My cat has been living with me on my boat for almost 2 years and has only "jumped ship" twice. Once, out of curiosity and once, by accident. When I brought the cat aboard, I purchased a heavy duty fish net...the kind with the long, metal handle, for "emergencies", like cat overboard. When he first went over, he was attempting to jump from the transom to the inflatable dinghy I was dragging behind. I had just anchored and he leaped from the transom, hit the side of the dinghy, and since it was not hard, the cat bounced off the dinghy, into the back of the boat, and then into the water. I had been watching him and was ready with the fish net and simply reached over and scooped him up. When he went under, he immediately resurfaced, as cats are good swimmers, they just don't LIKE to swim. Nothing was wounded other than his pride and he never again tried to jump into the dinghy.
So, I would highly suggest buying a large fish net with a lond handle. It may come in handy. however, if you let the cat run the decks at night, which they love to do, then you need something hung over the side of the boat that the cat can get it's claws into so he can get himself aboard, in case you are alseep and don't hear him. I use a piece of very thin perforated Rubber like material, similiar to the mats you can get to set things on inside so they don't slide around, except it's long enough to secure one end to the rail and have the other end touching the water. I've seen some people use pieces of carpet. Basically anything that they can claw into and that will hold their weight will work and you need to train them to use it, of course, so if the time ever somes, they will know what to do.
Lastly, I highly reccomed not just a litterbox, but the ones that have a "lid" and look like a carrier with a "doggie door" on the front. This has been great! Not only does it give the cat privacy, it keeps the odor inside the box, and when sailing, it does not turn over and spill when the boat leans. Also, something the cat can scratch on is helpful so that they don't make scratching posts out of your upolstery! Good Luck!
06-04-2012 02:14 PM
Re: Boat Cat?

Originally Posted by Heinous View Post
I still maintain that the only appropriate pets on a sailboat are parrots and monkeys.
I knew a guy who had a monkey on his boat, and wow what a powerful mess it made. It was a power boat, and the V-birth was his cage. Yuck, he was nasty too. Though he did have a real pension for pulling off women's swim tops, that was entertaining.
05-31-2012 10:50 AM
Re: Boat Cat?

Kittens usually adapt well. A litter tray at the downwind end of the boat is best, not a problem at anchor. I used beach sand.

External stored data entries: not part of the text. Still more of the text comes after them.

(* Let $A=H+S\in\mathbb{C}^{n,n}$, where $H=H^*$ is positive semidefinite with $H\neq 0$, and $S=-S^*$ with $S\neq 0$. Then there exist a unitary matrix $U\in\mathbb{C}^{n,n}$, an integer $r\geq 2$, and integers $n_1\geq n_2\geq\cdots\geq n_{r-1}>0$ and $n_r\geq 0$ with $n_1+\cdots+n_r=n$, such that, partitioning conformally with the block sizes $n_1,\dots,n_r$, $$U^*HU=\begin{bmatrix} H_{11} & 0\\ 0 & 0\end{bmatrix},\qquad U^*SU=\begin{bmatrix} S_{11} & S_{12} & & & 0\\ S_{21} & S_{22} & \ddots & & 0\\ & \ddots & \ddots & S_{r-2,r-1} & \vdots\\ & & S_{r-1,r-2} & S_{r-1,r-1} & 0\\ 0 & \cdots & \cdots & 0 & S_{r,r}\end{bmatrix},$$ that is, $U^*SU=[S_{ij}]_{i,j=1}^r$ with $S_{ij}\in\mathbb{C}^{n_i,n_j}$, $S_{ij}=0$ whenever $|i-j|>1$, and $S_{i,r}=0$, $S_{r,i}=0$ for all $i<r$; where $H_{11}=H_{11}^*\in\mathbb{C}^{n_1,n_1}$ is positive definite, $S_{ii}=-S_{ii}^*\in\mathbb{C}^{n_i,n_i}$ for $i=1,\dots,r$, and $S_{i,i-1}=-S_{i-1,i}^*=[\Sigma_{i,i-1}\;\,0]\in\mathbb{C}^{n_i,n_{i-1}}$ with $\Sigma_{i,i-1}\in\mathbb{C}^{n_i,n_i}$ nonsingular for $i=2,\dots,r-1$.
   Context: $M^*$ denotes the conjugate transpose of $M$. A block of size $0$ is understood to be absent. *)

From mathcomp Require Import all_boot all_order all_algebra.
From mathcomp Require Export sesquilinear spectral.
Set Implicit Arguments. Unset Strict Implicit. Unset Printing Implicit Defensive.
Import Order.TTheory GRing.Theory Num.Theory.
Local Open Scope ring_scope.
Local Open Scope sesquilinear_scope.

Definition ctr {C : numClosedFieldType} m n (M : 'M[C]_(m, n)) : 'M[C]_(n, m) :=
  M ^t*.

Definition hermmx {C : numClosedFieldType} n (M : 'M[C]_n) : Prop :=
  ctr M = M.
Definition skewhermmx {C : numClosedFieldType} n (M : 'M[C]_n) : Prop :=
  ctr M = - M.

I have had three all of which came aboard as 7-8 week old kittens, they fell in and either swam calling loudly till picked out or climbed back onboard themselves. I had scraps of netting over the side of the big boat and over one dinghy sponson.

We had to add an extra line to our tacking commands though.




WHY well he liked to sit on the boom on passage.
05-31-2012 08:43 AM
Re: Boat Cat?

I still maintain that the only appropriate pets on a sailboat are parrots and monkeys.
05-26-2012 04:12 PM
Jeff Bazz
Boat Cat?

Thanks guys! I read all the blogs, and bought a book on the subject at Second Wave. A friend's cat recently had kittens, one of which is coming to live with me. The boat's ready and I can't wait to brig home my new friend!
04-29-2012 08:58 AM
Re: Boat Cat?

We had a thick peace of floating line tied to a transom cleat and thrown over the side to be used for the cat to climb back on board. We thought about pushing him in the water to show him the ropes but never did that -- he would have been so mad!